TORONTO, CANADA, November 15, 2022 - Stack Capital Group Inc. (TSX:STCK, STCK.WT) (“Stack Capital”) announced today that the Toronto Stock Exchange (the “TSX”) has accepted a notice filed by Stack Capital of its intention to make a normal course issuer bid (the “NCIB”) with respect to its outstanding common shares. Stack Capital management believes its share price is undervalued compared to its recently announced Book Value per Share of $11.75.
The notice provides that Stack Capital may, during the 12-month period commencing November 17, 2022, and ending no later than November 16, 2023, purchase through the facilities of the TSX and/or alternative Canadian Trading Systems up to 461,500 common shares in total, being 5.0% of the issued and outstanding common shares as of November 7, 2022. The price which Stack Capital will pay for any common shares will be the market price at the time of acquisition. During the period of this NCIB, Stack Capital may make purchases under the NCIB by means of open market transactions. The actual number of common shares which may be purchased pursuant to the NCIB and the timing of any such purchases will be determined by senior management of Stack Capital. The average daily trading volume from May 1, 2022, to October 31, 2022, was 13,864 common shares. Daily purchases under the NCIB will be generally limited to 3,466 common shares, other than block purchases. All shares purchased by Stack Capital under the NCIB will be cancelled.
As of November 7, 2022, there were 9,232,774 common shares of Stack Capital outstanding, and the public float was 8,378,149 common shares.
Stack Capital may purchase its common shares, from time to time, if it believes that the market price of its common shares is attractive and that the purchase would be an appropriate use of corporate funds and in the best interests of Stack Capital.
In connection with the NCIB, Stack Capital has entered into an automatic share purchase plan (“ASPP”) with a designated broker to facilitate the purchase of common shares under the NCIB, including at times when Stack Capital would ordinarily not be permitted to purchase its common shares due to regulatory restrictions or self-imposed blackout periods. During restricted or blackout periods, purchases under the ASPP will be determined by the designated broker in its sole discretion based on the purchasing parameters set by Stack Capital in accordance with the rules of the TSX, applicable securities laws and the terms of the ASPP. Outside of the restricted and blackout periods, the timing and amount of purchases under the NCIB will be determined by senior management of Stack Capital.
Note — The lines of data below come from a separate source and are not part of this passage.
Lemma measurable_vwts k dW (W : measurableType dW) (st : W -> state) (bn : W -> nat) :
  (0 < k)%N -> (k < T)%N -> state_param T st -> measurable_fun setT bn ->
  [/\ forall i, measurable_fun setT (fun w => vwts N G m g (st w) k (bn w) i),
      forall w i, 0 <= vwts N G m g (st w) k (bn w) i &
      forall w, \sum_(0 <= i < N) vwts N G m g (st w) k (bn w) i <= 1].
Proof.
move=> hk1 hk2 [_ _ _ h4 _ h6 h7] mbn.
have hkT : (0 < k <= T)%N by rewrite hk1 ltnW.
have hk1T : (1 < k.+1 <= T)%N by rewrite ltnS hk1 hk2.
have hk' : (k.-1 < T)%N by rewrite prednK // ltnW.
have hsz w j : size (nth nullP (st w).2 k.-1 j) = k by rewrite h6 // prednK.
have u0 w j : 0 <= bwd_weight (st w) k (bn w) j.
  apply: mulr_ge0; first apply: mulr_ge0.
  - exact: (wts_bounds hkT (hsz w)).1.
  - exact: hm0.
  - exact/ltW/g_gt0.
have mu j : measurable_fun setT (fun w => bwd_weight (st w) k (bn w) j).
  have mX : measurable_fun setT
      (fun w => (nth nullX (st w).1.1 k.-1 j, nth nullX (st w).1.1 k (bn w))).
    apply: measurable_fun_pair; first exact: h4.
    by apply: (measurable_fun_nat_select (F := fun a w => nth nullX (st w).1.1 k a)).
  apply: measurable_funM; first apply: measurable_funM.
  - by apply: (measurable_wts hkT) => // i l; exact: h7.
  - exact: measurableT_comp (hmm hk1T) mX.
  - exact: measurableT_comp (hgm hk1T) mX.
split=> [i|w i|w].
- under eq_fun do rewrite vwtsE.
  by apply: measurable_fun_div => //; apply: measurable_sum.
- by rewrite vwtsE; exact: (normalized_weights N (u0 w)).1.
- under eq_bigr do rewrite vwtsE.
  exact: (normalized_weights N (u0 w)).2.
Qed.

Record bwd_spec j dW (W : measurableType dW) (r : W -> seq (nat * (nat -> R))) : Prop :=
  BwdSpec {
  size_bwd : forall w, size (r w) = j;
  measurable_bwd_index : forall l,
    measurable_fun setT (fun w => (nth (0%N, fun _ => 0) (r w) l).1);
  measurable_bwd_weights : forall l i,
    measurable_fun setT (fun w => (nth (0%N, fun _ => 0) (r w) l).2 i) }.

Definition bwd_param j : param_pred (seq (nat * (nat -> R))) := @bwd_spec j.

Lemma bwd_param_closed j : precomp_closed (bwd_param j).
Proof.
move=> dW W dW' W' h r mh [h1 h2 h3]; split=> [w|l|l i].
- exact: h1.
- exact: measurableT_comp (h2 l) mh.
- exact: measurableT_comp (h3 l i) mh.
Qed.

Lemma bwd_bounded j dW (W : measurableType dW) (st : W -> state) (bn : W -> nat) :
  (j < T)%N -> state_param T st -> measurable_fun setT bn ->
  bounded_prog (bwd_param j) (fun w => bwd N G m g (st w) j (bn w)).
Proof.
elim: j dW W st bn => [|j IH] dW W st bn hj hst mbn.
  apply: (bounded_prog_ret (@bwd_param_closed 0)).
  by split=> // [l|l i]; exact: measurable_cst.
have [mV V0 V1] := measurable_vwts (ltn0Sn j) hj hst mbn.
apply: (bounded_prog_bind (bounded_prog_categ mV V0 V1)) => dW' W' g' b mg' mb.
apply: (bounded_prog_bind (P := bwd_param j)).
  exact: IH (ltnW hj) (state_param_closed mg' hst) mb.
move=> dW'' W'' g'' r mg'' [hs h1 h2].
apply: (bounded_prog_ret (@bwd_param_closed j.+1)).
split=> [w|l|l i] /=; first by rewrite size_rcons hs.
  by apply: (measurable_nth_rcons (F := fst) hs) => //; exact: measurableT_comp mb mg''.
apply: (measurable_nth_rcons (F := fun p => p.2 i) hs) => //.
exact: measurableT_comp (measurableT_comp (mV i) mg') mg''.
Qed.

Lemma sel_bs_bounded : bounded_selection (sel_bs G m g).
Proof.
move=> dW W u hu; have hTT : (0 < T <= T)%N by rewrite hT leqnn.
have [mW W0 W1] := measurable_last_wts hTT hu.
have h4 := measurable_particles hu.
pose WT w := wts N G T (last nullP (u w).2).
rewrite (_ : (fun w => _) = fun w =>
  pbind (pcateg N (WT w)) (fun bT =>
   pbind (bwd N G m g (u w) T.-1 bT) (fun r =>
     pret (mk_out N T (u w).1.1 (map fst (rcons r (bT, WT w)))
                  (head (0%N, WT w) (rcons r (bT, WT w))).2)))); last first.
  by apply/funext => w; rewrite /WT; case: (u w) => [[]].
apply: (bounded_prog_bind (bounded_prog_categ mW W0 W1)) => dW' W' g' b mg' mb.
apply: (bounded_prog_bind (P := bwd_param T.-1)).
  by apply: bwd_bounded (state_param_closed mg' hu) mb; rewrite ltn_predL.
move=> dW'' W'' g'' r mg'' [hs h1 h2].
apply: (bounded_prog_ret (@measurable_param_closed _ out)).
apply: measurable_mk_out => [j i|l|i].
- exact: measurableT_comp (measurableT_comp (h4 j i) mg') mg''.
- apply: (eq_measurable_fun (fun w => nth 0%N (rcons (map fst (r w)) (b (g'' w))) l)).
    by move=> w _; rewrite map_rcons.
  apply: (measurable_nth_rcons (F := id)) => [w|hl|]; first by rewrite size_map hs.
    apply: eq_measurable_fun (h1 l) => w _.
    by rewrite (nth_map (0%N, fun _ => 0)) ?hs.
  exact: measurableT_comp mb mg''.
apply: (eq_measurable_fun
  (fun w => (nth (0%N, fun _ => 0) (rcons (r w) (b (g'' w), WT (g' (g'' w)))) 0).2 i)).
  by move=> w _; case: (r w).
apply: (measurable_nth_rcons (F := fun p => p.2 i) hs) => //.
exact: measurableT_comp (measurableT_comp (mW i) mg') mg''.
Qed.

Definition initial_particles (xstar xs : seq X) (i : nat) : X :=
  if i == 0%N then nth point xstar 0 else nth point xs i.-1.

Lemma aicpf_continuation_bounded xstar (sel : state -> prog R out) (k : out -> \bar R) :
  bounded_selection sel -> measurable_fun setT k -> (forall o, `|k o| <= 1)%E ->
  bounded_test (seq_param X N.-1) (fun _ : unit => fun xs =>
    fwd N M G xstar (initial_particles xstar xs) T.-1 (fun st => sel st k)).
Proof.
move=> hsel mk bk dW W g0 xs mg0 [_ hm].
have mX1 i : measurable_fun setT (fun w => initial_particles xstar (xs w) i).
  by case: i => [|i]; [exact: measurable_cst | exact: hm].
have hT' : (T.-1 < T)%N by rewrite ltn_predL.
have hfwd := fwd_bounded xstar hT' mX1; rewrite prednK // in hfwd.
have hk : bounded_test (measurable_param out) (fun _ : unit => k).
  by move=> dW' W' g' u' _ mu'; split=> [|w]; [exact: measurableT_comp mk mu' | exact: bk].
have hsel' : bounded_cont (state_param T) (measurable_param out) (fun _ : W => sel).
  by move=> dW' W' h u _ hu; exact: hsel.
have [m1 _ b1] := bounded_prog_sections (bounded_prog_bind hfwd hsel') hk.
by split=> [|w]; [exact: (m1 tt) | exact: (b1 tt w)].
Qed.

Hypothesis hN : (0 < N)%N.

Lemma aicpf_dist_le bs (Q1 Q2 : X -> probability X R) dl xstar (k : out -> \bar R) :
  markov_kernel Q1 -> markov_kernel Q2 -> (forall x, tv_le (Q1 x) (Q2 x) dl) ->
  bounded_selection (fun st => if bs then sel_bs G m g st else sel_at G st) ->
  measurable_fun setT k -> (forall o, `|k o| <= 1)%E ->
  (`|aicpf (N := N) (T := T) M G m g bs Q1 xstar k -
      aicpf (N := N) (T := T) M G m g bs Q2 xstar k|
     <= (N%:R * dl)%:E)%E.
Proof.
move=> mQ1 mQ2 htv hsel mk bk.
have := tv_le_sample_iid (nth point xstar 0) mQ1 mQ2 htv
  (aicpf_continuation_bounded xstar hsel mk bk).
by rewrite prednK.
Qed.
The ASPP has been pre-cleared by the TSX and will become effective on November 17, 2022, concurrently with the commencement of the NCIB. All purchases made under the ASPP will be included in computing the number of common shares purchased under the NCIB.
About Stack Capital
Stack Capital is an investment holding company and its business objective is to invest in equity, debt and/or other securities of growth-to-late-stage private businesses. Through Stack Capital, shareholders have the opportunity to gain exposure to the diversified private investment portfolio; participate in the private market; and have liquidity due to the listing of the Stack Capital common shares and warrants on the Toronto Stock Exchange. At the same time, the public structure also allows Stack Capital to focus its efforts on maximizing long-term performance through a portfolio of high growth businesses, which are not widely available to most Canadian investors. SC Partners Ltd. has taken the initiative in creating Stack Capital and acts as Stack Capital's administrator and is responsible to source and advise with respect to all investments for Stack Capital.
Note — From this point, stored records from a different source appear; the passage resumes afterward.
Lemma card_mid_degree_nbhd_le2 : #|[set a in D | d a == q + 2]| <= 2.
Proof.
set H := [set a in D | d a == q + 2]; rewrite leqNgt; apply/negP => H_gt2.
have [a aH _] : exists2 a, a \in H & a \notin [::].
  by apply: exists_notin; apply: leq_ltn_trans H_gt2.
move: (aH); rewrite inE => /andP[aD /eqP da].
have [b] : exists b, b \in nbhd e a :&: D.
  by apply/card_gt0P; have := degree_nbhd_le e_sym e_irr aD; rewrite da; lia.
rewrite !inE => /andP[ab ub]; have bD : b \in D by rewrite inE.
have [x xH] : exists2 x, x \in H & x \notin [:: a; b] by apply: exists_notin.
rewrite !inE => /norP[xa xb]; move: xH; rewrite inE => /andP[xD /eqP dx].
have ba : e b a by rewrite e_sym.
have ax : a != x by rewrite eq_sym.
have bx : b != x by rewrite eq_sym.
by have := common_nbr_degree_neq xD bD ba (nbhd_neq e_irr aD) ax bx; rewrite dx da eqxx.
Qed.

Lemma sum_excess_nbhd_le :
  \sum_(a in D) (d a - q.+1) <=
  \sum_(a in [set a in D | q + 2 < d a]) (d a - q.+1) + #|[set a in D | d a == q + 2]|.
Proof.
set H := [set a in D | q + 2 < d a].
have sHD : H \subset D by apply/subsetP => a; rewrite inE => /andP[].
rewrite (big_setID H) (setIidPr sHD) /= leq_add2l (card_sum1 [set a in D | d a == q + 2]).
rewrite big_mkcond /=.
apply: leq_sum => a _; rewrite !inE; case: (e u a) => //=.
by rewrite -leqNgt andbT; case: eqP => //= da; case: ifP; lia.
Qed.

(* The excess d a - q.+1 of a ∈ D is at most its number of neighbours in D; the
   excesses above 1 are distinct values in [2, L - q.+1], and at most two equal 1. *)
Lemma sum_degree_nbhd_le L : {in D, forall a, d a <= L} ->
  2 * \sum_(a in D) d a <= 2 * (d u * q.+1) + (L - q.+1) * (L - q.+1).+1 + 2 * (q.+1 < L).
Proof.
move=> d_le; set K := L - q.+1.
have sum_split : \sum_(a in D) d a <= d u * q.+1 + \sum_(a in D) (d a - q.+1).
  rewrite -card_nbhd -sum_nat_const -big_split /=.
  by apply: leq_sum => a _; rewrite -leq_subLR.
case: (ltnP q.+1 L) => [qL | Lq] /=; last first.
  suff : \sum_(a in D) (d a - q.+1) = 0 by lia.
  by apply: big1 => a aD; apply/eqP; rewrite subn_eq0 (leq_trans (d_le a aD)).
have inj : {in [set a in D | q + 2 < d a] &, injective (fun a => d a - q.+1)}.
  move=> a b; rewrite !inE => /andP[ua da] /andP[ub db] dab.
  apply/eqP/negPn/negP => ab.
  have := @high_degree_nbhd_unique a b; rewrite !inE ua ub eq_sym ab; lia.
have range a : a \in [set a in D | q + 2 < d a] -> 2 <= d a - q.+1 <= K.
  by rewrite !inE => /andP[ua da]; have := d_le a; rewrite inE ua => /(_ isT); lia.
have := sum_le_injective_range inj range.
have := sum_excess_nbhd_le; have := card_mid_degree_nbhd_le2.
nia.
Qed.

End NbhdDegrees.

Section Extremal.
Variable n : nat.
Hypotheses (n_ge3 : 3 <= n) (card_T : #|T| = 2 * n).
Hypothesis sum_degree_ge : 2 * (n * n) <= \sum_x d x + 2.
Local Notation Δ := (maxdeg e).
This press release contains statements that constitute “forward-looking statements” within the meaning of applicable securities legislation, including, but not limited to, statements relating to future purchases of common shares under the NCIB, including pursuant to the ASPP. Much of this information can be identified by words such as “expect to,” “expected,” “will,” “estimated” or similar expressions suggesting future outcomes or events. Stack Capital believes the expectations reflected in such forward-looking statements are reasonable but no assurance can be given that these expectations will prove to be correct and such forward-looking statements should not be unduly relied upon.
Forward-looking statements are based on current information and expectations that involve a number of risks and uncertainties, which could cause actual results or events to differ materially from those anticipated. These risks include, but are not limited to, risks associated with Stack Capital’ financial condition and prospects; the stability of general economic and market conditions; interest rates; the availability of cash for repurchases of outstanding common shares under the NCIB; the existence of alternative uses for Stack Capital’s cash resources which may be superior to effecting repurchases under the NCIB; compliance by third parties with their contractual obligations; compliance with applicable laws and regulations pertaining to the NCIB and ASPP; and other risks related to Stack Capital’s business, including those identified in Stack Capital’s annual information form for the year ended December 31, 2021 under the heading “Risk Factors” (a copy of which may be obtained at www.sedar.com) and subsequent filings. Forward-looking statements contained in this press release are made as of the date hereof and are subject to change. All forward-looking statements in this press release are qualified by these cautionary statements. Unless otherwise required by applicable securities laws, we do not intend, nor do we undertake any obligation, to update or revise any forward-looking statements contained in this press release to reflect subsequent information, events, results, or circumstances or otherwise.